Member of the Arkansas House of Representatives
- In office 1890 1914

Personal details
- Born: December 15, 1839 Bowie County, Texas, Republic of Texas
- Died: December 25, 1918 (aged 79) Little Rock, Arkansas, U.S.
- Party: Democratic Party

Military service
- Allegiance: Confederate States of America
- Branch/service: Confederate States Army
- Rank: Colonel
- Unit: 20th Arkansas Infantry Regiment
- Battles/wars: Civil War

= Daniel Webster Jones (governor) =

19th Governor of Arkansas

Daniel Webster Jones (December 15, 1839 – December 25, 1918) was the 19th governor of Arkansas.

==Biography==
Jones was born in Bowie County, Texas to Isaac N. Jones, a doctor and member of the Congress of the Republic of Texas, and Elizabeth W. Littlejohn. When Jones was a year old, his family moved to Washington, Arkansas (Hempstead County where they owned a large plantation in nearby Lafayette County; Jones attended Washington Academy there and later studied law.
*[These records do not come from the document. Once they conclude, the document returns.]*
(* Let $(b,c)$ be a connected weighted graph over $X$ with $\sum_{x\in X}c(x)<\infty$ and $\sum_{x,y\in X,\ b(x,y)>0}\frac1{b(x,y)}<\infty$. Then $(b,c)$ is canonically compactifiable, the completions $\overline X^d$ and $\overline X^\varrho$ are compact, and the unique continuous map $\iota:\overline X^d\to\overline X^\varrho$ extending the identity on $X$ is a homeomorphism. Moreover, $\overline X^\varrho$ and $K$ are homeomorphic via the unique continuous map $\overline X^\varrho\to K$ extending the embedding $x\mapsto\delta_x$ of $X$ into $K$.
   Context: Let $X$ be a countably infinite set. A weighted graph $(b,c)$ over $X$ consists of a symmetric $b:X\times X\to[0,\infty)$ with $b(x,x)=0$ and $\sum_y b(x,y)<\infty$ for all $x$, and $c:X\to[0,\infty)$. A path is a finite sequence $(x_0,\dots,x_n)$ of pairwise distinct vertices with $b(x_{i-1},x_i)>0$; connected means any two distinct vertices are joined by a path. Let $\widetilde Q(f)=\frac12\sum_{x,y}b(x,y)|f(x)-f(y)|^2+\sum_x c(x)|f(x)|^2$ and $\widetilde D=\{f:\widetilde Q(f)<\infty\}$; the graph is canonically compactifiable if $\widetilde D\subseteq\ell^\infty(X)$. Metrics: $d(x,y)=\inf\{\sum_{i=1}^n1/b(x_{i-1},x_i):(x_0,\dots,x_n)\text{ a path from }x\text{ to }y\}$, and $\varrho(x,y)=\sup\{|f(x)-f(y)|:f\in\widetilde D,\ \widetilde Q(f)\le1\}$; $\overline X^d$, $\overline X^\varrho$ denote the metric completions. For a canonically compactifiable graph, let $\mathcal A$ be the sup-norm closure of $\widetilde D$ in $\ell^\infty(X)$, $\mathcal A^+$ the smallest $C^*$-subalgebra of $\ell^\infty(X)$ containing $\mathcal A$ and the constant $1$, and $K$ the set of characters (nonzero multiplicative linear functionals) of $\mathcal A^+$ with the weak-$*$ topology; $X$ embeds in $K$ via $x\mapsto\delta_x$, $\delta_x(f)=f(x)$. *)

From Stdlib Require Import Reals Lra List Classical ClassicalEpsilon.
Open Scope R_scope.
Set Implicit Arguments.

Definition sup_or_zero (E : R -> Prop) : R :=
  match excluded_middle_informative (exists r, is_lub E r) with
  | left H => proj1_sig (constructive_indefinite_description _ H)
  | right _ => 0
  end.
Definition inf_or_zero (E : R -> Prop) : R := - sup_or_zero (fun t => E (- t)).
Definition lim_or_zero (u : nat -> R) : R :=
  match excluded_middle_informative (exists l, Un_cv u l) with
  | left H => proj1_sig (constructive_indefinite_description _ H)
  | right _ => 0
  end.

Fixpoint fsum {T : Type} (g : T -> R) (l : list T) : R :=
  match l with nil => 0 | x :: l' => g x + fsum g l' end.
(* sum_{t in T} g t < infinity (g nonnegative): finite partial sums bounded *)
Definition Summable {T : Type} (g : T -> R) : Prop :=
  exists M, forall l : list T, NoDup l -> fsum g l <= M.
(* Let $q$ be even. The unipotent conjugacy classes of type $(2,1)$ in $\mathbf{SL}_3(q)$ are not of type F.
   Context: Type $(2,1)$: Jordan blocks of sizes 2 and 1. Conjugacy classes are racks with $x\triangleright y=xyx^{-1}$. A rack is of type F if it has pairwise disjoint subracks $R_1,\dots,R_4$ and elements $r_a\in R_a$ with $R_a\triangleright R_b=R_b$ and $r_a\triangleright r_b\neq r_b$ for all $a\neq b$. *)

From HB Require Import structures.
From mathcomp Require Import all_boot all_order all_algebra all_fingroup.
Set Implicit Arguments. Unset Strict Implicit. Unset Printing Implicit Defensive.
Import GRing.Theory.
Local Open Scope ring_scope.

(* Rack operation on a group: x |> y = x y x^-1.  (MathComp's y ^ g is g^-1 y g.) *)
Definition rtri (gT : finGroupType) (x y : gT) : gT := (y ^ x^-1)%g.

Definition rack_act (gT : finGroupType) (A B : {set gT}) : {set gT} :=
  [set rtri x y | x in A, y in B].

Definition is_subrack (gT : finGroupType) (C R : {set gT}) : bool :=
  (R \subset C) && [forall x in R, forall y in R, rtri x y \in R].

Definition typeF (gT : finGroupType) (C : {set gT}) : Prop :=
  exists (R : 'I_4 -> {set gT}) (r : 'I_4 -> gT),
    [/\ forall a, is_subrack C (R a),
        forall a b, a != b -> [disjoint R a & R b],
        forall a, r a \in R a,
        forall a b, a != b -> rack_act (R a) (R b) = R b
      & forall a b, a != b -> rtri (r a) (r b) != r b].

Definition SL3 (F : finFieldType) : {set {'GL_3[F]}} :=
  [set g : {'GL_3[F]} | \det (GLval g) == 1%R].

(* Unipotent 3x3 matrix of Jordan type (2,1): N = A - 1 is nilpotent with
   N^2 = 0 (largest block size 2) and rank N = 1 (exactly 3 - 1 = 2 blocks). *)
Definition unipotent_type21 (F : finFieldType) (A : 'M[F]_3) : bool :=
  ([&& (A - 1) ^+ 3 == 0, (A - 1) ^+ 2 == 0 & \rank (A - 1) == 1%N])%R.

From mathcomp Require Import all_boot all_order all_algebra all_fingroup all_solvable all_field.
Set Implicit Arguments. Unset Strict Implicit. Unset Printing Implicit Defensive.
Import GRing.Theory.
Local Open Scope ring_scope.

(* In characteristic 2 every element y of the class is an involution with
   y - 1 = u w and w u = 0.  For the elements r_a of a type-F datum put
   N_a = r_a - 1 and write a -> b when N_a N_b <> 0.  If N_a N_b = N_b N_a = 0
   then r_a and r_b commute, which type F forbids.  If both products are
   nonzero then r_b lies in R_a: when r_b r_a has odd order, r_b is conjugate
   to r_a in the dihedral group <r_a, r_b>, which stabilises R_a; when the
   order is even, the central involution of that dihedral group is a unipotent
   element commuting with both transvections, and a direct computation shows
   it is trivial.  So -> is a tournament on four vertices, and the same
   argument applied to r_a |> r_b and r_c excludes 3-cycles.  A transitive
   tournament a -> b -> c -> d makes the matrix (w_i u_j) of the rows
   w_c, w_b, w_a against the columns u_d, u_c, u_b triangular with nonzero
   diagonal, so u_d, u_c, u_b form a basis killed by w_d <> 0. *)

Lemma finField_even_pchar2 (F : finFieldType) : ~~ odd #|F| -> 2 \in [pchar F].
Proof.
move=> even_F; have [p p_pr pcharFp] := finPcharP F.
have F_pgroup : (p.-group [set: F])%g := abelem_pgroup (fin_ring_pchar_abelem pcharFp).
have : (2 %| #|[set: F]|)%N by rewrite cardsT dvdn2.
by move/pnat_dvd/(_ F_pgroup); rewrite pnatE // inE => /eqP p2; rewrite -p2 in pcharFp.
Qed.

Lemma acyclic_tournament4_chain (D : 'I_4 -> 'I_4 -> bool) :
    (forall a b, a != b -> D a b = ~~ D b a) ->
    (forall a b c, D a b -> D b c -> D c a -> False) ->
  exists a b c d, [&& D a b, D b c, D c d, ~~ D c b, ~~ D d b & ~~ D d c].
Proof.
move=> tourD acycD.
pose o0 := @Ordinal 4 0 isT; pose o1 := @Ordinal 4 1 isT.
pose o2 := @Ordinal 4 2 isT; pose o3 := @Ordinal 4 3 isT.
have r10 := tourD o1 o0 isT; have r20 := tourD o2 o0 isT; have r30 := tourD o3 o0 isT.
have r21 := tourD o2 o1 isT; have r31 := tourD o3 o1 isT; have r32 := tourD o3 o2 isT.
case e01: (D o0 o1) in r10; case e02: (D o0 o2) in r20; case e03: (D o0 o3) in r30;
case e12: (D o1 o2) in r21; case e13: (D o1 o3) in r31; case e23: (D o2 o3) in r32;
simpl in r10, r20, r30, r21, r31, r32;
(* each of the 64 orientations either has a 3-cycle or is a transitive order *)
first [ exfalso; match goal with
   | H1 : D ?a ?b = true, H2 : D ?b ?c = true, H3 : D ?c ?a = true |- _ =>
     exact: (acycD _ _ _ H1 H2 H3) end
 | match goal with
   | H1 : D ?a ?b = true, H2 : D ?b ?c = true, H3 : D ?c ?d = true, H4 : D ?b ?d = true,
     H5 : D ?c ?b = false, H6 : D ?d ?b = false, H7 : D ?d ?c = false |- _ =>
     exists a, b, c, d; by rewrite H1 H2 H3 H5 H6 H7 end ].
Qed.

Section DihedralInvolutions.
Variable gT : finGroupType.
Implicit Types (s t : gT) (A : {set gT}).
Local Open Scope group_scope.

Lemma rtri_closed_cycle A s t :
    (forall z, z \in A -> rtri s z \in A) -> (forall z, z \in A -> rtri t z \in A) ->
  forall z y, z \in A -> y \in <[t * s]> -> z ^ y \in A.
Proof.
move=> sA tA z y zA; rewrite -cycleV invMg => /cycleP[m ->].
elim: m => [|m IHm]; first by rewrite expg0 conjg1.
by rewrite expgSr conjgM; have := tA _ (sA _ IHm); rewrite /rtri conjgM.
Qed.

Lemma involution_conj_mul s t : s^-1 = s -> t^-1 = t -> (t * s) ^ s = (t * s)^-1.
Proof. by move=> sV tV; rewrite conjgE invMg sV tV -!mulgA -{2}sV mulVg mulg1. Qed.

Lemma involutions_conj_odd s t : s^-1 = s -> t^-1 = t -> odd #[t * s] ->
  t \in s ^: <[t * s]>.
Proof.
move=> sV tV odd_g; set g := t * s; set y := g ^+ #[g]./2.
have ss : s * s = 1 by rewrite -{1}sV mulVg.
have sy : s * y = y^-1 * s.
  have ys : y ^ s = y^-1 by rewrite conjXg involution_conj_mul // expVgn.
  by rewrite -ys conjgE sV -!mulgA ss mulg1.
have yyg : (y * y)^-1 = g.
  have oddE : (#[g]./2).*2.+1 = #[g] by rewrite -[RHS]odd_double_half odd_g.
  by apply/eqP; rewrite eq_invg_mul -expgD -expgSr addnn oddE expg_order.
apply/imsetP; exists y; first exact: mem_cycle.
by rewrite conjgE sy mulgA -invMg yyg /g -mulgA ss mulg1.
Qed.

Lemma dihedral_central_involution s t : s^-1 = s -> t^-1 = t -> ~~ odd #[t * s] ->
  exists2 h, h \in <[t * s]> & [/\ h != 1, h * h = 1, commute h s & commute h t].
Proof.
move=> sV tV even_g; set g := t * s; set k := #[g]./2.
have kk : (k + k = #[g])%N by rewrite addnn even_halfK.
have k_gt0 : (0 < k)%N.
  by rewrite lt0n; apply: contraTneq (order_gt0 g) => k0; rewrite -kk k0.
exists (g ^+ k); first exact: mem_cycle.
have hh : g ^+ k * g ^+ k = 1 by rewrite -expgD kk expg_order.
have hs : commute (g ^+ k) s.
  have hsE : (g ^+ k) ^ s = g ^+ k.
    by rewrite conjXg involution_conj_mul // expVgn (mulg1_eq hh).
  by rewrite /commute conjgC hsE.
split=> //.
- apply/eqP => h1.
  have : (k + k <= k)%N by rewrite kk dvdn_leq // order_dvdn h1.
  by rewrite -{3}[k]addn0 leq_add2l leqNgt k_gt0.
- have gs : g * s = t by rewrite /g -mulgA -{1}sV mulVg mulg1.
  rewrite -gs.
  exact: commuteM (commute_sym (commuteX _ (commute_refl g))) hs.
Qed.
End DihedralInvolutions.

Section RankOneSquareZero.
Variables (F : fieldType) (n : nat).
Implicit Types (u : 'cV[F]_n) (w : 'rV[F]_n) (M N P S T H : 'M[F]_n).

Definition dotmx w u : F := (w *m u) 0 0.

Definition rank1_sqzero N := exists u w, [/\ N = u *m w, dotmx w u = 0 & N != 0].

Lemma mulmx_dotmx w u : w *m u = (dotmx w u)%:M.
Proof. exact: mx11_scalar. Qed.

Lemma mulmx_outer u w u' w' : u *m w *m (u' *m w') = dotmx w u' *: (u *m w').
Proof. by rewrite mulmxA -(mulmxA u) mulmx_dotmx mul_mx_scalar scalemxAl. Qed.

Lemma mulmx_outer_cV u w u' : u *m w *m u' = dotmx w u' *: u.
Proof. by rewrite -mulmxA mulmx_dotmx mul_mx_scalar. Qed.

Lemma outer_eq0 u w : (u *m w == 0) = (u == 0) || (w == 0).
Proof.
apply/idP/idP => [|/orP[]/eqP->]; rewrite ?mul0mx ?mulmx0 //.
apply: contraLR; rewrite negb_or => /andP[/matrix0Pn[i [k ui]] /matrix0Pn[k' [j wj]]].
apply/matrix0Pn; exists i, j; rewrite !mxE big_ord1 (ord1 k) (ord1 k') in ui wj *.
by rewrite mulf_neq0.
Qed.

Lemma mulmx_outer_eq0 u w u' w' : u *m w != 0 -> u' *m w' != 0 ->
  (u *m w *m (u' *m w') == 0) = (dotmx w u' == 0).
Proof.
rewrite !outer_eq0 !negb_or => /andP[/negbTE u0 _] /andP[_ /negbTE w'0].
by rewrite mulmx_outer scalemx_eq0 outer_eq0 u0 w'0 !orbF.
Qed.

Lemma mulmx_outer_neq0 u w M N :
  M *m (u *m w) != 0 -> u *m w *m N != 0 -> M *m (u *m w) *m N != 0.
Proof.
move=> Muw uwN; rewrite mulmxA -mulmxA outer_eq0 negb_or; apply/andP; split.
  by apply: contraNneq Muw; rewrite mulmxA => ->; rewrite mul0mx.
by apply: contraNneq uwN; rewrite -mulmxA => ->; rewrite mulmx0.
Qed.

Lemma rank1_sqzero_sqr N : rank1_sqzero N -> N *m N = 0.
Proof. by case=> u [w [-> wu _]]; rewrite mulmx_outer wu scale0r. Qed.

Lemma rank1_sqzero_rank1 N : \rank N = 1%N -> N *m N = 0 -> rank1_sqzero N.
Proof.
move=> rN NN; pose u : 'cV_n := col_ebase N *m pid_mx 1%N.
pose w : 'rV_n := pid_mx 1%N *m row_ebase N.
have NE : N = u *m w.
  have pid1 : pid_mx 1%N = (pid_mx 1%N : 'M_(n, 1)) *m pid_mx 1%N :> 'M[F]_n.
    by rewrite mul_pid_mx.
  by rewrite -[LHS]mulmx_ebase rN pid1 /u /w !mulmxA.
have uw0 : u *m w != 0 by rewrite -NE -mxrank_eq0 rN.
exists u, w; split=> //; last by rewrite NE.
by apply/eqP; rewrite -(mulmx_outer_eq0 uw0 uw0) -NE NN.
Qed.

Lemma rank1_sqzero_conj P N : P \in unitmx -> rank1_sqzero N ->
  rank1_sqzero (invmx P *m N *m P).
Proof.
move=> uP [u [w [-> wu N0]]]; exists (invmx P *m u), (w *m P); split.
- by rewrite !mulmxA.
- by rewrite /dotmx -mulmxA (mulmxA P) mulmxV // mul1mx.
- apply: contraNneq N0 => /(congr1 (fun X => P *m X *m invmx P)).
  by rewrite mulmx0 mul0mx !mulmxA mulmxV // mul1mx mulmxK // => ->.
Qed.

Lemma comm_mx_sub1_mul0 S T :
  (S - 1) *m (T - 1) = 0 -> (T - 1) *m (S - 1) = 0 -> comm_mx S T.
Proof.
move=> NsNt NtNs; rewrite /comm_mx -(subrK 1 S) -(subrK 1 T).
move: (S - 1) (T - 1) NsNt NtNs => Ns Nt NsNt NtNs.
by rewrite !mulmxDl !mulmxDr !mul1mx !mulmx1 NsNt NtNs !add0r !addrA (addrC Ns).
Qed.

Lemma sqzero_comm_outer_annihilates M u w u' : M *m M = 0 ->
  comm_mx M (u *m w) -> dotmx w u' != 0 -> M *m u = 0.
Proof.
move=> MM Muw a0; have [-> | u0] := eqVneq u 0; first by rewrite mulmx0.
set a := dotmx w u' in a0; set mu := dotmx w (M *m u').
have Mu : a *: (M *m u) = mu *: u.
  have := congr1 (mulmx^~ u') Muw; rewrite /= -mulmxA mulmx_outer_cV.
  by rewrite -scalemxAr -mulmxA mulmx_outer_cV.
have mu_Mu : mu *: (M *m u) = 0.
  by have := congr1 (mulmx M) Mu; rewrite -!scalemxAr mulmxA MM mul0mx scaler0 => <-.
have mu0 : mu = 0.
  have : (mu * mu) *: u = 0 by rewrite -scalerA -Mu scalerA mulrC -scalerA mu_Mu scaler0.
  by move/eqP; rewrite scalemx_eq0 (negbTE u0) orbF mulf_eq0 orbb => /eqP.
by move/eqP: Mu; rewrite mu0 scale0r scalemx_eq0 (negbTE a0) => /eqP.
Qed.

Lemma mulmx_exp_fixed P N k : P *m N = N -> P ^+ k *m N = N.
Proof.
move=> PN; elim: k => [|k IHk]; first by rewrite expr0 mul1mx.
by rewrite exprS -mulmxE -mulmxA IHk.
Qed.

Lemma comm_mx_sub1 S T : comm_mx S T -> comm_mx (S - 1) (T - 1).
Proof.
move=> ST; apply/comm_mx_sym/comm_mxB; last exact: comm_mx1.
by apply/comm_mx_sym/comm_mxB => //; exact: comm_mx1.
Qed.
During his childhood, James Black, creator of the famous Bowie knife, lived with the Jones family before moving to Washington, Arkansas. Black attempted to show Daniel his metallurgical secret in 1870, the only person known to have knowledge of Black's secret.

==Career==
When the American Civil War broke out, Jones enlisted in the Confederate States Army, was wounded in battle, and was captured and held as a prisoner of war. His highest rank was of Colonel of the 20th Arkansas Infantry Regiment.

In 1874, Jones was elected as prosecuting attorney of the Ninth Judicial District. He served as a presidential elector in 1876 and 1880. He was elected to the post of Attorney General of Arkansas in 1884 and 1886. In 1890, he served a term in the Arkansas House of Representatives.

Jones was elected Governor of Arkansas in 1896, and was reelected in 1898. During his term farmers were allowed to set up mutual insurance organziations, appropriations were made for the new state capitol building, and a law ordering uniform textbooks in schools was passed.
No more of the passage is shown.